SUPPLIED MATERIAL START

Lemma cubic_real_split : (forall z, root cubicC z -> 'Im z = 0) ->
  exists a b c, [/\ a + b + c = - a2, a * b + b * c + c * a = a1 & a * b * c = - a0].
Proof.
move=> real_roots.
have [[c y] zroot] : exists z, root cubicC z.
  apply/closed_rootP; rewrite size_map_poly.
  by apply: contraTneq size_cubic_gt3 => ->.
have y0 : y = 0 by apply/eqP; rewrite -(Im_complex_eq0 c) real_roots.
have croot : root cubic c by rewrite -root_cubicC_real -y0.
case: (ltrP (deflated_disc c) 0) => disc.
- have [z [zroot' z_nonreal]] := cubic_nonreal_of_root croot disc.
  by rewrite real_roots ?eqxx in z_nonreal.
- by have [a [b vieta]] := cubic_split_of_root croot disc; exists a, b, c.
Qed.

End MonicCubic.

Lemma det_mx4 (R : comNzRingType) (f : nat -> nat -> R) :
  let minor x y z := f 1%N x * (f 2%N y * f 3%N z - f 2%N z * f 3%N y)
                   - f 1%N y * (f 2%N x * f 3%N z - f 2%N z * f 3%N x)
                   + f 1%N z * (f 2%N x * f 3%N y - f 2%N y * f 3%N x) in
  \det (\matrix_(i < 4, j < 4) f i j)
    = f 0%N 0%N * minor 1%N 2%N 3%N - f 0%N 1%N * minor 0%N 2%N 3%N
      + f 0%N 2%N * minor 0%N 1%N 3%N - f 0%N 3%N * minor 0%N 1%N 2%N.
Proof.
rewrite (expand_det_row _ 0) !big_ord_recl big_ord0 /cofactor.
do 2!rewrite !(expand_det_row _ 0) !big_ord_recl !big_ord0 /cofactor.
rewrite !det_mx11 !mxE /=.
ring.
Qed.

Lemma modz2_absz (k : int) : (k %% 2)%Z = odd `|k|%N.
Proof.
case: k => n; first by rewrite modz_nat modn2.
by rewrite modNz_nat // modn2 /=; case: (odd n).
Qed.

Lemma cos_intmulpi (R : realType) (k : int) : cos (k%:~R * pi) = (-1) ^+ `|k|%N :> R.
Proof.
have cos_natmulpi n : cos (n%:R * pi) = (-1) ^+ n :> R.
  by rewrite mulr_natl -[pi *+ n]add0r (alternatingn (@cosDpi R)) cos0 mulr1.
case: k => n; first exact: cos_natmulpi.
by rewrite NegzE mulrNz mulNr cosN cos_natmulpi.
Qed.

Lemma cos_odd_mulpi (R : realType) (k : int) :
  (k %% 2)%Z = 1 -> cos (k%:~R * pi) = -1 :> R.
Proof. by rewrite modz2_absz cos_intmulpi -signr_odd => -[->]. Qed.

Section Linearization.
Variables (R : realType) (sigma r A B : R).

Definition wpe_jacobian_rows (u : 'rV[R]_4) : seq (seq R) :=
  let xd := u ord0 (@inord 3 0) in
  let X  := u ord0 (@inord 3 1) in
  let Y  := u ord0 (@inord 3 2) in
  let Z  := u ord0 (@inord 3 3) in
  [:: [:: 0; 1; 0; 0];
      [:: sigma * A * B * cos (B * xd); - sigma; sigma; 0];
      [:: 0; r - Z; -1; - X];
      [:: 0; Y; X; -1]].

Definition wpe_jacobian (u : 'rV[R]_4) : 'M[R]_4 :=
  \matrix_(i < 4, j < 4) nth 0 (nth [::] (wpe_jacobian_rows u) i) j.

Lemma jacobian4_wpe_field (u : 'rV[R]_4) :
  jacobian4 (wpe_field sigma r A B) u = wpe_jacobian u.
Proof.
apply/matrixP => i j; rewrite !mxE.
set d := fun n : nat => (j == n :> nat)%:R : R.
set c := fun n : nat => u ord0 (@inord 3 n).
have shiftE n t : (n < 4)%N -> (u + t *: delta_mx 0 j) ord0 (@inord 3 n) = c n + t * d n.
  by move=> hn; rewrite !mxE eqxx /= -val_eqE /= inordK // eq_sym.
have -> : (fun t => wpe_field sigma r A B (u + t *: delta_mx 0 j) 0 i)
  = (fun t => [:: c 1%N + t * d 1%N;
       sigma * ((c 2%N + t * d 2%N) - (c 1%N + t * d 1%N)
                + A * sin (B * (c 0%N + t * d 0%N)));
       - ((c 1%N + t * d 1%N) * (c 3%N + t * d 3%N)) + r * (c 1%N + t * d 1%N)
         - (c 2%N + t * d 2%N);
       (c 1%N + t * d 1%N) * (c 2%N + t * d 2%N) - (c 3%N + t * d 3%N)]`_i).
  by apply/funext => t; rewrite /wpe_field mxE !shiftE.
rewrite derive1E; case: i => [[|[|[|[|//]]]] hi] /=; rewrite derive_val.
all: clear shiftE; rewrite {}/d {}/c; case: j => [[|[|[|[|//]]]] hj] /=.
all: by rewrite /GRing.scale /= ?(mul0r, addr0); ring.
Qed.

SUPPLIED MATERIAL END

* TASK DESCRIPTION:
Only lines holding the word "Lemma" belong in the answer; copy each one from the material.

* YOUR SOLUTION:
Lemma cubic_real_split : (forall z, root cubicC z -> 'Im z = 0) ->
Lemma det_mx4 (R : comNzRingType) (f : nat -> nat -> R) :
Lemma modz2_absz (k : int) : (k %% 2)%Z = odd `|k|%N.
Lemma cos_intmulpi (R : realType) (k : int) : cos (k%:~R * pi) = (-1) ^+ `|k|%N :> R.
Lemma cos_odd_mulpi (R : realType) (k : int) :
Lemma jacobian4_wpe_field (u : 'rV[R]_4) :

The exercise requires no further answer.